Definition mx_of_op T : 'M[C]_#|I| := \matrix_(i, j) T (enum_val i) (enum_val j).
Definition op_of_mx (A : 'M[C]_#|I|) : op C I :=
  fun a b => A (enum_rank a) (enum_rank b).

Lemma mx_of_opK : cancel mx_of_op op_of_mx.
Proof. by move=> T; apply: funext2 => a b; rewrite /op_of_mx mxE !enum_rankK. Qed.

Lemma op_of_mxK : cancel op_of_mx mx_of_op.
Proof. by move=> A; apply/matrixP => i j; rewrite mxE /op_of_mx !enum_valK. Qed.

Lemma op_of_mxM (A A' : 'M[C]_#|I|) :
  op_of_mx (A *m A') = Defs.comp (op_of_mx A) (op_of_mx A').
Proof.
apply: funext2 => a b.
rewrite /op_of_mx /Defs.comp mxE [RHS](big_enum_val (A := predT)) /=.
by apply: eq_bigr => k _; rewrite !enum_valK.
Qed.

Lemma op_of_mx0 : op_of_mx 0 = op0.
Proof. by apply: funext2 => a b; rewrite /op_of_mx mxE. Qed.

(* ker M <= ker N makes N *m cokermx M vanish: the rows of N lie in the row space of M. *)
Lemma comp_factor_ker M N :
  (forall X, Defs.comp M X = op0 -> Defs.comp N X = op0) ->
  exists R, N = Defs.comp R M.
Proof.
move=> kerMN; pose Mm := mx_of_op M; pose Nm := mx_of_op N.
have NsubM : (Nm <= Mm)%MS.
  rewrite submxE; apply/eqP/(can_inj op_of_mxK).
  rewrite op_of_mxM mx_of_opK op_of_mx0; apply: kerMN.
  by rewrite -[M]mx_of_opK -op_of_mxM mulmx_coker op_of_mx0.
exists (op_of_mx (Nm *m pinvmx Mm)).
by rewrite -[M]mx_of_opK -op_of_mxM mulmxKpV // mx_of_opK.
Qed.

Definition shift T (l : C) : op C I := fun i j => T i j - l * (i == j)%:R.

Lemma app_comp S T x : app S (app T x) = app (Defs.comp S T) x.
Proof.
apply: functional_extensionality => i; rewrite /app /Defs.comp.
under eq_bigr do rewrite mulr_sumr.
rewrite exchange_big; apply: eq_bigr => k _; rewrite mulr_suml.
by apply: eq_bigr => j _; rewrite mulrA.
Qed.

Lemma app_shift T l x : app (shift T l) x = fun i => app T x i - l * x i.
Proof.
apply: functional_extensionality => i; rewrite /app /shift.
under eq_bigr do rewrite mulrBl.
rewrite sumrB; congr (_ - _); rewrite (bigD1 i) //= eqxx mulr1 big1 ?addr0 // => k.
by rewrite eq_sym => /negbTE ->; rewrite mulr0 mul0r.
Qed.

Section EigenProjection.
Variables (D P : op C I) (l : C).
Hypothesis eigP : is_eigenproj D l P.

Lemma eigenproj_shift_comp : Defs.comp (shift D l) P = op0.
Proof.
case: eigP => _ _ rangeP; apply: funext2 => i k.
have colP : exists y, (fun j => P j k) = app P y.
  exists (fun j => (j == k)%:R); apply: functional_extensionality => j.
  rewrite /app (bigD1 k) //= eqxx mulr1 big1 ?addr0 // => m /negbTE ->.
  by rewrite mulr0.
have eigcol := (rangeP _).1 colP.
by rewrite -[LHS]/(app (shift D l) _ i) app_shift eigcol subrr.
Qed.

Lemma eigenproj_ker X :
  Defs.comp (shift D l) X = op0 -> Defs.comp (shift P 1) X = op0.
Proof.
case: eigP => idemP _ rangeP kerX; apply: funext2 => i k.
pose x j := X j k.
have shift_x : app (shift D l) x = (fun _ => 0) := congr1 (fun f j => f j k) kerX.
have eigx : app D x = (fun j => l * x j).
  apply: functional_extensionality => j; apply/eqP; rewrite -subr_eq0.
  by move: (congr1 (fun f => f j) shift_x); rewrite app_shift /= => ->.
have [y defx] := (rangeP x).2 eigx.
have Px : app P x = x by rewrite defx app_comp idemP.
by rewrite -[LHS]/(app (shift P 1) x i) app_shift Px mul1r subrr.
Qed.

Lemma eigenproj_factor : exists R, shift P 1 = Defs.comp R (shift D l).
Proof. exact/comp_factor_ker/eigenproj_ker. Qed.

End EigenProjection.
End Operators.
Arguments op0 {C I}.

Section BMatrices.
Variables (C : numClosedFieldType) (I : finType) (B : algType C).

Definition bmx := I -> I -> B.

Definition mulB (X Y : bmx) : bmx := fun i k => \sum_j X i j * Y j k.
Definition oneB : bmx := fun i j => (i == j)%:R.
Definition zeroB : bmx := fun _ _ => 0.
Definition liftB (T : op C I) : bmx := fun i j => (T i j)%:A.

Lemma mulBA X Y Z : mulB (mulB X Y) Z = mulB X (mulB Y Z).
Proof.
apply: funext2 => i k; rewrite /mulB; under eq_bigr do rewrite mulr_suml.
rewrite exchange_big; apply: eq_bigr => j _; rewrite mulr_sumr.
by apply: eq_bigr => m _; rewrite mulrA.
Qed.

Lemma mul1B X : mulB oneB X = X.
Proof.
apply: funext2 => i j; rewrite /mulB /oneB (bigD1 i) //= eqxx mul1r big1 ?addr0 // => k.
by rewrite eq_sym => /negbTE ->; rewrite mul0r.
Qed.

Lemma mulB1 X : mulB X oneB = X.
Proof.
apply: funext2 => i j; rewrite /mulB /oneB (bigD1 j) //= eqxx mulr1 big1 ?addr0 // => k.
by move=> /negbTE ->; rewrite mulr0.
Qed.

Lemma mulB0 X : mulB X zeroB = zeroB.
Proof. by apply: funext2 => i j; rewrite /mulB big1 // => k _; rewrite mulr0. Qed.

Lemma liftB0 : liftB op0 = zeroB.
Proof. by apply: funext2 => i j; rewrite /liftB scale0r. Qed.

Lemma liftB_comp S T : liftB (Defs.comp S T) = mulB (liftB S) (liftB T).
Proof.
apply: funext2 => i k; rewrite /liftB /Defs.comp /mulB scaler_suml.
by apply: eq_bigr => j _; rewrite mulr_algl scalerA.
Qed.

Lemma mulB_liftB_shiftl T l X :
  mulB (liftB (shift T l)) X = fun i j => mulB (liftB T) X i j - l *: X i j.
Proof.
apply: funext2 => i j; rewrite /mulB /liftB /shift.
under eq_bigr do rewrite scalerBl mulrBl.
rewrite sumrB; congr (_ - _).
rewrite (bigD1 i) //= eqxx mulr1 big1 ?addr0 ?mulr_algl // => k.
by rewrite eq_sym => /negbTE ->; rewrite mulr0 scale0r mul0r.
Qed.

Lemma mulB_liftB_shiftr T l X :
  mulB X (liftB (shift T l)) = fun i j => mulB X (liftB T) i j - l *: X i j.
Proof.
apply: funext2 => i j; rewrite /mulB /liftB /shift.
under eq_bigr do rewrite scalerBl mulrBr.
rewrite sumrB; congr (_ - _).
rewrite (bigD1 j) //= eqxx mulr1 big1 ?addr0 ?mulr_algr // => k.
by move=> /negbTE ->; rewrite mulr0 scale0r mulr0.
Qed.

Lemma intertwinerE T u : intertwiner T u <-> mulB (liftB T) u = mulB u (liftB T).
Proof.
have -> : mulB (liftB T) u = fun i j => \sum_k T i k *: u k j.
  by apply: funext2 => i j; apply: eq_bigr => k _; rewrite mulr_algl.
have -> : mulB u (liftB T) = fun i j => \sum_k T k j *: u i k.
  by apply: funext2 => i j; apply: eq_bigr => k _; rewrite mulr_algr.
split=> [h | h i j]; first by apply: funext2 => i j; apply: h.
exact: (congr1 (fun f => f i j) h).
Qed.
****
- **Instructions for the task**: Search the entries for the word "zeroB". Copy each line where it appears.

- **Answer section**:
Definition zeroB : bmx := fun _ _ => 0.
Lemma mulB0 X : mulB X zeroB = zeroB.
Lemma liftB0 : liftB op0 = zeroB.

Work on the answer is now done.